Questions de société : l’espérance pour tous !

Ces mois derniers vous avez été nombreux à vous mobiliser pour défendre le mariage et la famille, en choisissant les moyens que vous avez jugés appropriés pour promouvoir et défendre ce bien commun, notamment en participant à des manifestations publiques rassemblant des personnes de diverses orientations politiques et confessionnelles.

Aujourd’hui certains d’entre vous pourraient penser que le combat a été vain, puisque le projet de loi du mariage pour les personnes de même sexe a été voté malgré tout. C’est le jeu des institutions démocratiques. Il faut le respecter. Nous prenons douloureusement acte que le monde a changé et qu’il nous faut assumer paisiblement la différence qui nous marque du fait de la suite du Christ. Nous veillerons à ne pas nous laisser enfermer dans le piège d’un repli sur soi, qui serait contraire à notre vocation. Et nous ne nous laisserons pas aller au pessimisme, car nous savions déjà que tout ce qui est légal n’est pas pour autant ni juste ni moral.

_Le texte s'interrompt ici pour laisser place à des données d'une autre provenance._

Lemma eprod_cat u v : eprod (u ++ v) = eprod u *m eprod v.
Proof. by elim: u => [|a u IH] /=; rewrite ?mul1mx // IH mulmxA. Qed.

Lemma eprod_rcons u j : eprod (rcons u j) = eprod u *m e j.
Proof. by rewrite -cats1 eprod_cat /= mulmx1. Qed.

Lemma sqprod_cat u v : sqprod (u ++ v) = sqprod u *m sqprod v.
Proof. by elim: u => [|a u IH] /=; rewrite ?mul1mx // IH mulmxA. Qed.

Lemma e_eprodC j w :
  e j *m eprod w = (-1) ^+ count (predC1 j) w *: (eprod w *m e j).
Proof.
elim: w => [|a w IH] /=; first by rewrite mul1mx mulmx1 scale1r.
have [->|a_neq_j] := eqVneq a j; rewrite /= ?add0n ?add1n.
  by rewrite {1}IH -scalemxAr mulmxA.
rewrite mulmxA e_anti 1?eq_sym // mulNmx -(mulmxA (e a) (e j)) IH -scalemxAr mulmxA.
by rewrite exprS mulN1r scaleNr.
Qed.

Lemma e_sqC a j : e a *m (e j *m e j) = e j *m e j *m e a.
Proof.
have [->|a_neq_j] := eqVneq a j; first by rewrite mulmxA.
by rewrite !mulmxA e_anti // mulNmx -!mulmxA e_anti // mulmxN opprK.
Qed.

Lemma e_sqprodC a w : e a *m sqprod w = sqprod w *m e a.
Proof.
elim: w => [|j w IH] /=; first by rewrite mul1mx mulmx1.
by rewrite mulmxA e_sqC -!mulmxA IH.
Qed.

Lemma eprod_rev w : eprod w *m eprod (rev w) = sqprod w.
Proof.
elim: w => [|a w IH] /=; first by rewrite mulmx1.
by rewrite rev_cons eprod_rcons -!mulmxA (mulmxA (eprod w)) IH -e_sqprodC !mulmxA.
Qed.

Lemma eprod_double w : eprod (flatten [seq [:: j; j] | j <- w]) = sqprod w.
Proof. by elim: w => [|a w IH] //=; rewrite IH mulmxA. Qed.

Lemma rank_sqprod (w : seq 'I_k) :
  (n <= \rank (sqprod w) + \sum_(j <- w) (n - \rank (e j *m e j)))%nat.
Proof.
elim: w => [|a w IH] /=; first by rewrite big_nil addn0 mxrank1.
rewrite big_cons.
have := mxrank_mul_min (e a *m e a) (sqprod w).
have := rank_leq_col (e a *m e a).
lia.
Qed.

Lemma sqprod_neq0 (w : seq 'I_k) :
  (\sum_(j <- w) (n - \rank (e j *m e j)) < n)%nat -> sqprod w != 0.
Proof. by move=> small; rewrite -mxrank_eq0 -lt0n; have := rank_sqprod w; lia. Qed.

Hypothesis two_neq0 : (2 : C) != 0.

Le Cardinal André Vingt-Trois nous a mis en garde contre les dérapages possibles : « Notre approche des problèmes n’est jamais conduite par un désir de dominer les contradicteurs par la violence, qu’elle soit verbale ou physique (…) Nous ne pouvons pas encourager une action publique qui détournerait les enjeux du débat pour en faire un moyen de déstabiliser le pouvoir politique (…) Aucune action guidée par la haine, aucune action qui suscite la haine, ne peut se revendiquer de l’Evangile du Christ. Elle ne peut pas prétendre à se réclamer de l’Eglise » (Discours de clôture de l’assemblée plénière des évêques de France, le 18 avril dernier).

Ceci dit, la mobilisation des chrétiens a été fructueuse, puisque, d’une part, elle a contribué à faire entendre un autre son de cloche et à ouvrir un débat public ; d’autre part, elle nous a stimulés à la conversion. Comme nous le rappelait utilement le cardinal André Vingt-Trois : « la pointe du combat que nous avons à mener n’est pas une lutte idéologique ou politique. Elle est une conversion permanente pour que nos pratiques soient conformes à ce que nous disons : plus que dénoncer, il s’agit de s’impliquer positivement dans les actions qui peuvent changer la situation à long terme. » (Discours d’ouverture de l’assemblée plénière des évêques de France, le 16 avril dernier).

Un vaste chantier demeure ouvert devant nous. Il s’agit, positivement, de poursuivre la réflexion sur les questions de fond, pour éclairer notre conscience et celle des autres ; de promouvoir une éducation affective et sexuelle des enfants et des jeunes respectueuse de la vérité ; de développer la préparation au mariage et tout ce qui peut soutenir le couple et la famille ; d’accompagner les personnes en souffrance ; d’être des artisans de paix et de communion dans une société qui se désolidarise des personnes les plus fragiles. C’est en nous engageant dans des actions simples et concrètes que nous assurerons la promotion dans les faits d’une conception de l’homme porteuse d’espérance pour tous.